A drink was the last thing I wanted on nights like this. I had tried to explain it to Jim Faber, who was understandably uncertain of the wisdom of my spending long nights in a saloon watching another man drink. The best I could do was to suggest that somehow Ballou was drinking for both of us, that the whiskey that went down his throat quenched my thirst as well as his own, and left me sober in the process.

HE said, "I went to Queens again Sunday night."

"Not to Maspeth."

"No, not to Maspeth. Another part entirely. Jamaica Estates. Do you know it?"

"I have a vague idea of where it is."

"You go out Grand Central Parkway and get off at Utopia. The house we were looking for was on a little street off Croydon Road. I couldn't tell you what the neighborhood looked like. It was full dark when we went out there. Three of us, and Andy driving. He's a grand driver, did I tell you?"

"You told me."

"They were expecting us, but they didn't expect we'd have guns in our hands. Spanish they were, from somewhere in South America. A man and his wife and the wife's mother. They were dope dealers, they sold cocaine by the kilo.

"We asked him where his money was. No money, he said. They had cocaine to sell, they didn't have any cash. Now I knew they had money in the house. They'd had a big sale the day before and they still had some of the money around."

"How did you know?"

"From the lad who gave me the address and told me how to get through the door. Well, I took the man in a bedroom and tried to talk sense to him. Talked with my hands, you might say. He stuck fast to his story, the little greaseball.

"And then one of the lads comes in with a baby. 'Get up off the money,' he tells the man, 'or I'll cut the wee bastard's throat.' And the babe's screaming through all this. No one's hurting him, you understand, but he's hungry or he wants his mother. You know how it is with babies."

"What happened?"

"If you can believe this," he said, "the father as much as says we can go to hell. 'I don't think you do thees,' he says, looking me right in the eye.

" 'You're right,' I told him. 'I don't kill babies.' And I told my man to take the babe to its mother and have her change his diaper or give him a bottle, whatever would stop his crying." He straightened up in his chair. "And then I took the father," he said, "and I put him in a chair, and I left the room and came back wearing my father's apron. One of the lads- Tom it was, you know Tom, behind the bar most afternoons."

"Yes."

"Tom had a gun to his head, and I had the big cleaver that was my father's also.

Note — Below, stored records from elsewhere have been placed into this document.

(* For each integer $r\ge 1$, let $G_r = (rK_1 \cup (K_1 \nabla (r+1)K_1)) \nabla (rK_1 \cup (K_1 \nabla (r+1)K_1))$, a graph of order $4r+4$. Then $LE(G_r)=LE(K_{4r+4})=8r+6$ (i.e. $G_r$ is $L$-borderenergetic), and $G_r$ and $K_{4r+4}$ have different Laplacian spectra.
   Context: All graphs are finite, simple and undirected. The Laplacian matrix of $G$ is $L(G)=D-A$ ($D$ degree matrix, $A$ adjacency matrix). For a graph $G$ on $n$ vertices with Laplacian eigenvalues $\mu_1,\dots,\mu_n$ and average degree $\overline d = 2|E(G)|/n$, the Laplacian energy is $LE(G)=\sum_{i=1}^n|\mu_i-\overline d|$. One has $LE(K_n)=2n-2$. A graph $G$ on $n$ vertices is $L$-borderenergetic if $LE(G)=LE(K_n)$. $K_m$ is the complete graph on $m$ vertices, $mG$ is the disjoint union of $m$ copies of $G$, $G_1\cup G_2$ is the disjoint union, and the join $G_1\nabla G_2$ is obtained from $G_1\cup G_2$ by adding all edges between a vertex of $G_1$ and a vertex of $G_2$. *)

From HB Require Import structures.
From mathcomp Require Import all_boot all_order all_algebra all_field.
Set Implicit Arguments. Unset Strict Implicit. Unset Printing Implicit Defensive.
Import Order.TTheory GRing.Theory Num.Theory.
Local Open Scope ring_scope.

(* A (finite) graph: a finite vertex type and an adjacency relation.
   All graphs built below are simple (symmetric, irreflexive). *)
Record graph := Graph { vert : finType; adj : rel vert }.

Definition gorder (G : graph) : nat := #|vert G|.

Definition K1 : graph := @Graph unit (fun _ _ => false).
Definition empty_graph (m : nat) : graph := @Graph 'I_m (fun _ _ => false).
Definition complete (n : nat) : graph := @Graph 'I_n (fun i j => i != j).

Definition gunion (G H : graph) : graph :=
  @Graph (vert G + vert H)%type
    (fun x y => match x, y with
                | inl a, inl b => adj a b
                | inr a, inr b => adj a b
                | _, _ => false end).

Definition gjoin (G H : graph) : graph :=
  @Graph (vert G + vert H)%type
    (fun x y => match x, y with
                | inl a, inl b => adj a b
                | inr a, inr b => adj a b
                | _, _ => true end).

Definition degree (G : graph) (x : vert G) : nat := #|[pred y | adj x y]|.

Definition laplacian (G : graph) : 'M[algC]_(gorder G) :=
  \matrix_(i, j)
    ((if i == j then (degree (enum_val i))%:R else 0)
     - (adj (enum_val i) (enum_val j))%:R).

I went over and tried it out on the bedside table, just took a good whack at it and it collapsed into a pile of kindling. Then I took hold of his arm just above the wrist, pinning it to the arm of the chair, and with my other hand I raised up the cleaver.

" 'Now, you spic bastard,' I said, 'where's your money, or don't you theenk I'll take your fucking hand off?' " He smiled with satisfaction at the memory. "The money was in the laundry room, in the vent pipe for the dryer. You could have turned the house upside down and never found it. We were out of there in no time, and Andy had us safely home. I'd have been lost out there, but he knew all the turns."

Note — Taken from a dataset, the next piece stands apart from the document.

(* For every (closed) term $P$ and every event $e \in \Sigma$, $$[\![P]\!](e) = \bigcup_{Q \,:\, P \overset{e}{\Rightarrow} Q} [\![Q]\!].$$
   Context: Fix a set $\Sigma$ of events. Terms: $P, Q ::= \mathit{STOP} \mid \mathit{FAIL} \mid ?x{:}E \rightarrow P \mid P \,\Box\, Q \mid P \parallel_E Q$, where an event set $E$ is $f(y_1,\dots,y_n)$ with $f : \Sigma^n \to 2^\Sigma$ computable and each $y_i$ an event variable or event; $x$ is bound in $P$ in $?x{:}E\rightarrow P$. Terms are closed, so each $E$ denotes a subset of $\Sigma$; $[e/x]P$ is substitution of event $e$ for $x$. Trace semantics. A trace set is a prefix-closed subset of $\Sigma^*$ (possibly empty); $\varepsilon$ is the empty trace. For a trace set $T$: $eT := \{\varepsilon\} \cup \{et \mid t \in T\}$, $T(e) := \{t \mid et \in T\}$. For $E \subseteq \Sigma$, $\parallel_E$ on trace sets is the unique function with $\varnothing \parallel_E T = T \parallel_E \varnothing = \varnothing$ and, for nonempty $T_1, T_2$, $T_1 \parallel_E T_2 = \bigcup_{e \in E} e(T_1(e) \parallel_E T_2(e)) \cup \bigcup_{e \in \Sigma\setminus E}( e(T_1(e) \parallel_E T_2) \cup e(T_1 \parallel_E T_2(e)))$. The semantics: $[\![\mathit{STOP}]\!] = \{\varepsilon\}$, $[\![\mathit{FAIL}]\!] = \varnothing$, $[\![?x{:}E \rightarrow P]\!] = \{\varepsilon\} \cup \bigcup_{e \in E} e[\![ [e/x]P ]\!]$, $[\![P \Box Q]\!] = [\![P]\!] \cup [\![Q]\!]$, $[\![P \parallel_E Q]\!] = [\![P]\!] \parallel_E [\![Q]\!]$. Operational semantics. Actions $a ::= e \mid \tau$, $\tau \notin \Sigma$. Doomed terms: $D ::= \mathit{FAIL} \mid D \Box D \mid D \parallel_E P \mid P \parallel_E D$; viable terms $\hat P, \hat Q$ are non-doomed terms. The internal transition relation $\xrightarrow{a}$ is the least relation closed under: (1) $e \in E \Rightarrow (?x{:}E \rightarrow P) \xrightarrow{e} [e/x]P$; (2) $P \xrightarrow{\tau} P' \Rightarrow P \Box Q \xrightarrow{\tau} P' \Box Q$; (3) $Q \xrightarrow{\tau} Q' \Rightarrow P \Box Q \xrightarrow{\tau} P \Box Q'$; (4) $P \xrightarrow{e} P' \Rightarrow P \Box Q \xrightarrow{e} P'$; (5) $Q \xrightarrow{e} Q' \Rightarrow P \Box Q \xrightarrow{e} Q'$; (6) $P \xrightarrow{a} P'$, $a \notin E$, $\hat Q$ viable $\Rightarrow P \parallel_E \hat Q \xrightarrow{a} P' \parallel_E \hat Q$; (7) $Q \xrightarrow{a} Q'$, $a \notin E$, $\hat P$ viable $\Rightarrow \hat P \parallel_E Q \xrightarrow{a} \hat P \parallel_E Q'$; (8) $\hat P, \hat Q$ viable, $\hat P \xrightarrow{e} P'$, $\hat Q \xrightarrow{e} Q'$, $e \in E$ $\Rightarrow \hat P \parallel_E \hat Q \xrightarrow{e} P' \parallel_E Q'$; (9) $D_1, D_2$ doomed, $D_1 \xrightarrow{\tau} P_1 \Rightarrow D_1 \parallel_E D_2 \xrightarrow{\tau} P_1 \parallel_E D_2$; (10) $D_1, D_2$ doomed, $D_2 \xrightarrow{\tau} P_2 \Rightarrow D_1 \parallel_E D_2 \xrightarrow{\tau} D_1 \parallel_E P_2$; (11) $\mathit{FAIL} \Box \mathit{FAIL} \xrightarrow{\tau} \mathit{FAIL}$; (12) $\mathit{FAIL} \parallel_E P \xrightarrow{\tau} \mathit{FAIL}$; (13) $P \parallel_E \mathit{FAIL} \xrightarrow{\tau} \mathit{FAIL}$. For $s \in \Sigma^*$, the visible transition $P \overset{s}{\Rightarrow} Q$ holds iff there is a finite sequence (possibly of length zero) of internal transitions $P = P_0 \xrightarrow{a_1} P_1 \cdots \xrightarrow{a_n} P_n = Q$ such that deleting all $\tau$'s from $a_1 \cdots a_n$ yields $s$; in particular $P \overset{e}{\Rightarrow} Q$ means such a sequence whose only non-$\tau$ label is a single occurrence of $e$. *)

From Stdlib Require Import List Arith.
Import ListNotations.
Set Implicit Arguments.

I got up and went behind the bar to pour myself another cup of coffee. When I got back to the table Mick was gazing off to one side. I sat down and waited for the coffee to cool and we both let the silence stretch for a while.

Then he said, "We left them alive, the whole household. I don't know, that could have been a bad idea."

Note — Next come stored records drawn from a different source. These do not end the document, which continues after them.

Definition diag_finite N (lam : nat -> R) (x : H) : H :=
  lincomb N (fun q => Cmult (RtoC (lam q)) (hinner x (e q))) e.

Lemma diag_finite_linear N lam : is_linear (diag_finite N lam).
Proof.
  unfold diag_finite. split; intros.
  - rewrite lincomb_hadd. apply lincomb_ext. intros. rewrite hinner_hadd_l. ring.
  - rewrite lincomb_hscal. apply lincomb_ext. intros. rewrite hinner_hscal_l. ring.
Qed.

Lemma diag_finite_bounded N lam : (forall q, (q < N)%nat -> Rabs (lam q) <= 1) ->
  is_bounded (diag_finite N lam).
Proof.
  intros Hlam. exists (INR N). split; [apply pos_INR|]. intros x.
  eapply Rle_trans; [apply hnorm_lincomb_le|]. apply rsum_le_const. intros q Hq.
  rewrite hnorm_orthonormal, Rmult_1_r, Cmod_mult, Cmod_R by exact He.
  pose proof (Cmod_hinner_le e He x q). pose proof (Cmod_ge_0 (hinner x (e q))).
  specialize (Hlam q Hq). pose proof (Rabs_pos (lam q)). nra.
Qed.

Lemma snum_diag_finite_ge N (lam : nat -> R) d :
  0 < d -> (forall q, (q < N)%nat -> d <= lam q <= 1) ->
  forall k, (k < N)%nat -> d <= snum (diag_finite N lam) k.
Proof.
  intros Hd Hlam k Hk. apply snum_ge. intros F Flin Fbnd Frank.
  destruct (rank_le_kernel_vector e F k Flin Frank) as [a [[q0 [Hq0 Ha0]] HFx]].
  set (x := lincomb (S k) a e) in HFx.
  assert (Hx : 0 < hnorm x).
  { apply sqrt_lt_R0. fold (hnorm2 x). unfold x. rewrite hnorm2_lincomb by exact He.
    eapply Rlt_le_trans; [|apply (rsum_ge_term _ _ q0); [intros; apply pow2_ge_0 | lia]].
    apply pow2_gt_0. intros E. apply Cmod_eq_0 in E. auto. }
  assert (HTx : d * hnorm x <= hnorm (hsub (diag_finite N lam x) (F x))).
  { rewrite HFx, hsub_0r. apply Rsqr_incr_0_var; [|apply hnorm_ge0].
    unfold Rsqr. rewrite hnorm_sqr.
    replace (d * hnorm x * (d * hnorm x)) with (d * d * hnorm2 x) by (rewrite <- hnorm_sqr; ring).
    refine (hnorm2_diagonal_ge N (S k) lam d a ltac:(lia) ltac:(lra) _).
    intros q Hq. apply Hlam, Hq. }
  assert (Tbnd : is_bounded (diag_finite N lam)).
  { apply diag_finite_bounded. intros q Hq. specialize (Hlam q Hq).
    rewrite Rabs_right by lra. lra. }
  pose proof (hnorm_le_opnorm _ x (is_linear_hsub _ _ (diag_finite_linear N lam) Flin)
                (is_bounded_hsub _ _ Tbnd Fbnd)).
  apply (Rmult_le_reg_r (hnorm x)); [exact Hx | lra].
Qed.

End DiagonalLowerBound.

(** * Hilbert numbers of [M_{A,A}] *)

Section HilbertNumbers.
Context {H : HSpace}.

(* The two factorization conditions in the definition of [hnum]. *)
Definition contraction_from_BH {H' : HSpace} (A' : BH H -> H') : Prop :=
  (forall X Y Z : BH H, (forall h, proj1_sig Z h = hadd (proj1_sig X h) (proj1_sig Y h)) ->
     A' Z = hadd (A' X) (A' Y)) /\
  (forall (a : C) (X Z : BH H), (forall h, proj1_sig Z h = hscal a (proj1_sig X h)) ->
     A' Z = hscal a (A' X)) /\
  (forall X : BH H, hnorm (A' X) <= opnorm (proj1_sig X)).

Definition contraction_into_BH {K' : HSpace} (B' : K' -> BH H) : Prop :=
  (forall x y h, proj1_sig (B' (hadd x y)) h = hadd (proj1_sig (B' x) h) (proj1_sig (B' y) h)) /\
  (forall a x h, proj1_sig (B' (hscal a x)) h = hscal a (proj1_sig (B' x) h)) /\
  (forall x, opnorm (proj1_sig (B' x)) <= hnorm x).

Lemma snum_factorization_le_1 (T : BH H -> BH H) k {H' K' : HSpace}
    (A' : BH H -> H') (B' : K' -> BH H) :
  (forall X, opnorm (proj1_sig (T X)) <= opnorm (proj1_sig X)) ->
  contraction_from_BH A' -> contraction_into_BH B' ->
  snum (fun x => A' (T (B' x))) k <= 1.
Proof.
  intros HT (_ & _ & HA) (_ & _ & HB).
  destruct (zero_map_finite_rank (H1 := K') (H2 := H') k) as (Zlin & Zbnd & Zrank).
  eapply Rle_trans; [apply (snum_le_opnorm _ _ k Zlin Zbnd Zrank)|].
  apply opnorm_le. intros x Hx. rewrite hsub_0r.
  eapply Rle_trans; [apply HA|]. eapply Rle_trans; [apply HT|].
  eapply Rle_trans; [apply HB | exact Hx].
Qed.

"They wouldn't call the police."

"They couldn't do that, and they weren't well connected, so I didn't think they'd come back at us. And we left the cocaine. There was ten kilos of it that we found, shaped like little footballs. 'I'm leaving you your coca,' I told him, 'and I'm leaving you alive. But if you ever come back at me,' I said, 'then I'll come back here. And I'll wear this'- pointing to the apron- 'and I'll carry this'- the cleaver- 'and I'll lop off your hands and feet and whatever else I can think of.' I'd do no such thing, of course. I'd just kill him and be done with it. But you can't scare a drug dealer by telling him you'll kill him. They all know somebody will kill them sooner or later. Tell them you'll leave them with some pieces missing, though, and the picture sticks in their mind."